Apply rotation based on \(\theta\)

With \(\theta\) calculated, we are now ready to rotate each sample accordingly. Since we cannot load all of the data into memory at the same time, we will currently only rotate the first timepoint to check that it worked. After we have determined all necessary manipulations for each embryo, we will run the actual rotation.

# Dataframe to save first timepoint from each rotate embryo
rot = {}

# List to save bokeh plots
Lp = []

for f in tqdm.tqdm(files):
    # Extract the theta value for this sample
    theta = line[line['f']==f]['theta'].values[0]

    # Rotate single image
    rimg = scipy.ndimage.rotate(raw[f][1],theta)

    # Save and plot first timepoint
    rot[f] = rimg
    p = bebi103.viz.imshow(rimg,title=f)
    Lp.append(p)
100%|██████████| 4/4 [00:00<00:00,  6.63it/s]
bokeh.io.show(bokeh.layouts.gridplot(Lp,ncols=2))
# Import modules
import bebi103
import gbeflow
import tifffile
import scipy.ndimage

# Import image from tiff
raw = tifffile.imread(impath)

# Select first timepoint from `raw` to display
clk = bebi103.viz.record_clicks(raw[0],flip=False)

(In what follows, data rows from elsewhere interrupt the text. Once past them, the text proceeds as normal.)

(* Let $f\colon S^1\to S^1$ be a homeomorphism of the circle such that the restriction $f|_{\Omega(f)}$ of $f$ to its nonwandering set has the pseudo-orbit tracing property. Then $f$ has a periodic point.
   Context: The nonwandering set $\Omega(f)$ is the set of $x$ such that for every neighborhood $U$ of $x$ there is $n\ge1$ with $f^n(U)\cap U\neq\emptyset$; it is compact and $f$-invariant. For a homeomorphism $g\colon Y\to Y$ of a metric space $(Y,d)$: a bi-infinite sequence $(x_i)_{i\in\mathbb{Z}}$ is a $\delta$-pseudo-orbit if $d(g(x_i),x_{i+1})\le\delta$ for all $i$; it is $\epsilon$-shadowed if there is $x\in Y$ with $d(g^i(x),x_i)\le\epsilon$ for all $i\in\mathbb{Z}$; $g$ has the pseudo-orbit tracing property if for every $\epsilon>0$ there is $\delta>0$ such that every $\delta$-pseudo-orbit can be $\epsilon$-shadowed. *)

From Stdlib Require Import Reals ZArith.
Open Scope R_scope.

Definition S1 : Type := { p : R * R | (fst p) ^ 2 + (snd p) ^ 2 = 1 }.

Definition dist (a b : S1) : R :=
  sqrt ((fst (proj1_sig a) - fst (proj1_sig b)) ^ 2
        + (snd (proj1_sig a) - snd (proj1_sig b)) ^ 2).

Definition continuous_S1 (f : S1 -> S1) : Prop :=
  forall x (eps : R), eps > 0 ->
    exists delta, delta > 0 /\ forall y, dist x y < delta -> dist (f x) (f y) < eps.

Definition homeo_S1 (f g : S1 -> S1) : Prop :=
  continuous_S1 f /\ continuous_S1 g /\
  (forall x, g (f x) = x) /\ (forall x, f (g x) = x).

Definition ziter (f g : S1 -> S1) (i : Z) (x : S1) : S1 :=
  match i with
  | Z0 => x
  | Zpos p => Nat.iter (Pos.to_nat p) f x
  | Zneg p => Nat.iter (Pos.to_nat p) g x
  end.

Definition nbhd (U : S1 -> Prop) (x : S1) : Prop :=
  exists r, r > 0 /\ forall y, dist x y < r -> U y.

Definition nonwandering (f : S1 -> S1) (x : S1) : Prop :=
  forall U : S1 -> Prop, nbhd U x ->
    exists n : nat, (n >= 1)%nat /\ exists y, U y /\ U (Nat.iter n f y).

(* Pseudo-orbit tracing property of the restriction of the homeomorphism f
   (inverse g) to an f-invariant set A, with the metric induced from S^1:
   sequences and shadowing points are required to lie in A. *)
Definition POTP_on (A : S1 -> Prop) (f g : S1 -> S1) : Prop :=
  forall eps, eps > 0 -> exists delta, delta > 0 /\
    forall xs : Z -> S1,
      (forall i, A (xs i)) ->
      (forall i, dist (f (xs i)) (xs (i + 1)%Z) <= delta) ->
      exists x, A x /\ forall i, dist (ziter f g i x) (xs i) <= eps.

(* Pick a nonwandering point x with f^n x close to x.  The periodic pseudo-orbit
   x, f x, ..., f^(n-1) x, x, ... lies in the nonwandering set, so it is shadowed by some y.
   The returns z_k = f^(kn) y all lie on a short arc around x, and consecutive returns stay
   close along their whole orbits, so f^n carries the short arc [z_k, z_(k+1)] onto
   [z_(k+1), z_(k+2)].  In an angle coordinate around x, either the z_k move monotonically,
   and their limit is fixed by f^n, or they turn back at some k, and the intermediate value
   theorem gives a fixed point of f^n on [z_k, z_(k+1)]. *)

From Pilot Require Import Defs.
From Stdlib Require Import Reals ZArith Lia Psatz Rgeom Rtopology Ranalysis5.
From Stdlib Require Import ProofIrrelevance Classical IndefiniteDescription.
Open Scope R_scope.
Local Notation dist := Defs.dist.

Definition X (a : S1) : R := fst (proj1_sig a).
Definition Y (a : S1) : R := snd (proj1_sig a).
Definition dot (a b : S1) : R := X a * X b + Y a * Y b.
Definition cross (a b : S1) : R := X a * Y b - Y a * X b.

Lemma S1_unit a : X a ^ 2 + Y a ^ 2 = 1.
Proof. exact (proj2_sig a). Qed.

Lemma S1_eq a b : X a = X b -> Y a = Y b -> a = b.
Proof.
  destruct a as [[a1 a2] Ha], b as [[b1 b2] Hb]; unfold X, Y; simpl; intros -> ->.
  f_equal; apply proof_irrelevance.
Qed.

Lemma dist_euclid a b : dist a b = dist_euc (X a) (Y a) (X b) (Y b).
Proof. unfold dist, dist_euc, Rsqr; f_equal; unfold X, Y; ring. Qed.

Lemma dist_ge0 a b : 0 <= dist a b.
Proof. apply sqrt_pos. Qed.

Lemma dist_sym a b : dist a b = dist b a.
Proof. rewrite !dist_euclid; apply distance_symm. Qed.
(* For every $n\ge0$, the maps $\varphi_L,\varphi_R\colon\mathcal{T}_n\to\mathcal{P}_n(1212)$ are bijections.
   Context: $\mathcal{T}_n$ is the set of binary trees on $n$ vertices labeled $1,\dots,n$ by the search tree property (vertices in the left subtree of $i$ are smaller than $i$, those in the right subtree larger). A left branch is a maximal sequence of vertices $v,c_L(v),c_L^2(v),\dots$ connected by left-child edges; right branches analogously. For $T\in\mathcal{T}_n$, $\varphi_L(T)$ is the set partition of $[n]$ whose blocks are the vertex sets of the maximal left branches of $T$ (i.e. $i\sim_L j$ iff $i,j$ lie on the same left branch), and $\varphi_R(T)$ is the partition into vertex sets of maximal right branches. Set partitions of $[n]$ are identified with restricted growth strings (RGS) $x_1\cdots x_n$: order blocks by smallest element and let $x_i=j$ if $i$ is in the $j$-th block; $\mathcal{P}_n$ is the set of all RGS of length $n$. A string $x$ contains a pattern string $\tau=\tau_1\cdots\tau_m$ if there are indices $i_1<\dots<i_m$ with $x_{i_a}<x_{i_b}\iff\tau_a<\tau_b$ and $x_{i_a}=x_{i_b}\iff\tau_a=\tau_b$; $\mathcal{P}_n(1212)$ is the set of RGS avoiding $1212$ (the non-crossing set partitions). *)

From mathcomp Require Import all_boot.
Set Implicit Arguments. Unset Strict Implicit. Unset Printing Implicit Defensive.

(* Unlabeled binary tree shapes; a binary tree on n vertices labeled 1..n by
   the search-tree property is uniquely determined by its shape: the labels are
   the in-order positions (vertex with label off + size l + 1 where l is its
   left subtree and off the number of vertices preceding its subtree). *)
Inductive btree := Leaf | Node of btree & btree.

Fixpoint bsize (t : btree) : nat :=
  if t is Node l r then (bsize l + bsize r).+1 else 0.

Definition trees (n : nat) (t : btree) : Prop := bsize t = n.

(* lkeys t off top : for the vertices of t (labels off+1 .. off+bsize t), listed
   in increasing label order, the label of the top vertex of the maximal left
   branch containing it. [top] is Some v if the root of t is the left child of a
   vertex whose left branch has top v, and None otherwise. *)
Fixpoint lkeys (t : btree) (off : nat) (top : option nat) : seq nat :=
  if t is Node l r then
    let v := off + bsize l + 1 in
    let tp := odflt v top in
    lkeys l off (Some tp) ++ tp :: lkeys r v None
  else [::].

(* same for maximal right branches *)
Fixpoint rkeys (t : btree) (off : nat) (top : option nat) : seq nat :=
  if t is Node l r then
    let v := off + bsize l + 1 in
    let tp := odflt v top in
    rkeys l off None ++ tp :: rkeys r v (Some tp)
  else [::].

(* RGS of the set partition of [n] given by a block-key for each i = 1..n:
   blocks ordered by smallest element (= first occurrence), x_i = j if i is in
   the j-th block: j = number of distinct keys among positions up to the first
   occurrence of the key of i. *)
Definition rgs_of_keys (s : seq nat) : seq nat :=
  [seq size (undup (take (index k s).+1 s)) | k <- s].

Definition phiL (t : btree) : seq nat := rgs_of_keys (lkeys t 0 None).
Definition phiR (t : btree) : seq nat := rgs_of_keys (rkeys t 0 None).

Definition is_rgs (n : nat) (x : seq nat) : Prop :=
  size x = n /\
  forall i, i < n ->
    1 <= nth 0 x i <= (\max_(j < i) nth 0 x j).+1.

Definition contains (x tau : seq nat) : Prop :=
  exists y, subseq y x /\ size y = size tau /\
    forall a b, a < size tau -> b < size tau ->
      (nth 0 y a < nth 0 y b = (nth 0 tau a < nth 0 tau b)) /\
      ((nth 0 y a == nth 0 y b) = (nth 0 tau a == nth 0 tau b)).

Definition rgs1212 (n : nat) (x : seq nat) : Prop :=
  is_rgs n x /\ ~ contains x [:: 1; 2; 1; 2].

Definition bij_between (A : btree -> Prop) (B : seq nat -> Prop)
  (f : btree -> seq nat) : Prop :=
  (forall t, A t -> B (f t)) /\
  (forall t1 t2, A t1 -> A t2 -> f t1 = f t2 -> t1 = t2) /\
  (forall x, B x -> exists t, A t /\ f t = x).

(* Both maps factor through a sequence of block keys, which determines the
   partition only up to relabeling.  In a tree with root v, the left branch
   through v descends to vertex 1, so v is the last element of the first
   block, and the vertices above v lie in the right subtree, on branches of
   their own: the key sequence splits as A ++ v :: B, where the first block
   closes at v and B shares no block with A ++ [v].  A noncrossing sequence
   splits in exactly one such way (at the last occurrence of its first
   entry), with noncrossing halves, so by induction left branches match trees
   with noncrossing partitions.  The right branches of T are the reversed left
   branches of its mirror image.  Finally, the restricted growth string is the
   canonical relabeling of a key sequence, and it avoids 1212 exactly when
   its partition is noncrossing. *)

From mathcomp Require Import all_boot zify.
Set Implicit Arguments. Unset Strict Implicit. Unset Printing Implicit Defensive.

Section SeqFacts.
Variable T : eqType.
Implicit Types (s t X B : seq T) (x : T).

Lemma subseq_cat_split t X B : subseq t (X ++ B) ->
  exists t1 t2, [/\ t = t1 ++ t2, subseq t1 X & subseq t2 B].
Proof.
case/subseqP => m sz_m ->; rewrite size_cat in sz_m.
exists (mask (take (size X) m) X), (mask (drop (size X) m) B).
by rewrite -mask_cat ?cat_take_drop ?mask_subseq ?size_takel // sz_m leq_addr.
Qed.

Lemma subseq_cons_notin x t X B :
  x \notin X -> subseq (x :: t) (X ++ x :: B) -> subseq t B.
Proof.
elim: X => [|y X IH] /=; first by rewrite eqxx.
by rewrite inE negb_or => /andP[/negbTE -> /IH].
Qed.

Lemma last_occurrence x s : x \in s -> exists A B, s = A ++ x :: B /\ x \notin B.
Proof.
elim/last_ind: s => // s y IH; rewrite mem_rcons inE.
case: (eqVneq x y) => [-> _ | xy /IH [A [B [-> xB]]]]; first by exists s, [::]; rewrite cats1.
by exists A, (rcons B y); rewrite rcons_cat rcons_cons mem_rcons inE negb_or xy.
Qed.

Lemma size_undup_rcons s x :
  size (undup (rcons s x)) = size (undup s) + (x \notin s).
Proof.
rewrite undup_rcons size_rcons size_filter -(count_predC (pred1 x) (undup s)).
by rewrite count_uniq_mem ?undup_uniq // mem_undup addnC; case: (x \in s).
Qed.

Lemma index_map_in (U : eqType) (f : T -> U) s x :
  {in s &, injective f} -> x \in s -> index (f x) (map f s) = index x s.
Proof.
elim: s => //= y s IH f_inj xs; rewrite (inj_in_eq f_inj) ?mem_head //.
case: eqP => // /eqP yx; congr _.+1; apply: IH; last by move: xs; rewrite inE eq_sym (negbTE yx).
by apply: sub_in2 f_inj => z; apply: predU1r.
Qed.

# Extract points from `clk` to a dataframe
points = clk.to_df().reset_index()

# Calculate line for each embryo
line = gbeflow.calc_line(points
                ).reset_index(
                ).rename(
                    columns={'index','f'}
                )

# Calculate angle of rotation
line = gbeflow.calc_embryo_theta(line)

# Rotate embryo
rimg = scipy.ndimage.rotate(raw,line['theta'])

# Save rotated stack to file
tifffile.imsave(outpath,data=rimg)

Manual curation of orientation

After the rotation based on \(\theta\) has been applied, the embryos should be positioned such that the AP axis is horizontal. However, the rotation does not gurantee that the embryo will be positioned with anterior left and dorsal up. At this point, the user can individually specify any additional rotations to correct the embryo’s orientation. The following examples are typically sufficient to correct most orientation errors:

# Rotate by 180 degrees around center point
img = scipy.ndimage.rotate(img,180)

# Flip horizontally by specifying a specific axis
img = np.flip(img,axis=-1)

# Flip vertically
img = np.flip(img,axis=-1)

The final result of this workflow is that all samples are aligned dorsal up with the anterior end of the embryo to the left. This consistent alignment should facilitate future comparisons of the results of optical flow.

Embryo Masking

Rationale

We want to eliminate the background by segmenting the embryo from the background. Later in our analysis, our job will be easier if we do not need to worry about the background contributing noise.

Basic Approach

Segment the embryo from the background in order to clearly isolate changes in signal associated with germ band extension

import numpy as np
import matplotlib.pyplot as plt

from imp import reload
import sys
sys.path.insert(0, '..')
import utilities as ut

from skimage import img_as_float
from skimage.filters import gaussian
from skimage.segmentation import active_contour
from skimage.measure import grid_points_in_poly

Data Import

Read in hdf5 hyperstack as a 3d numpy array. Convert to float for ease of processing.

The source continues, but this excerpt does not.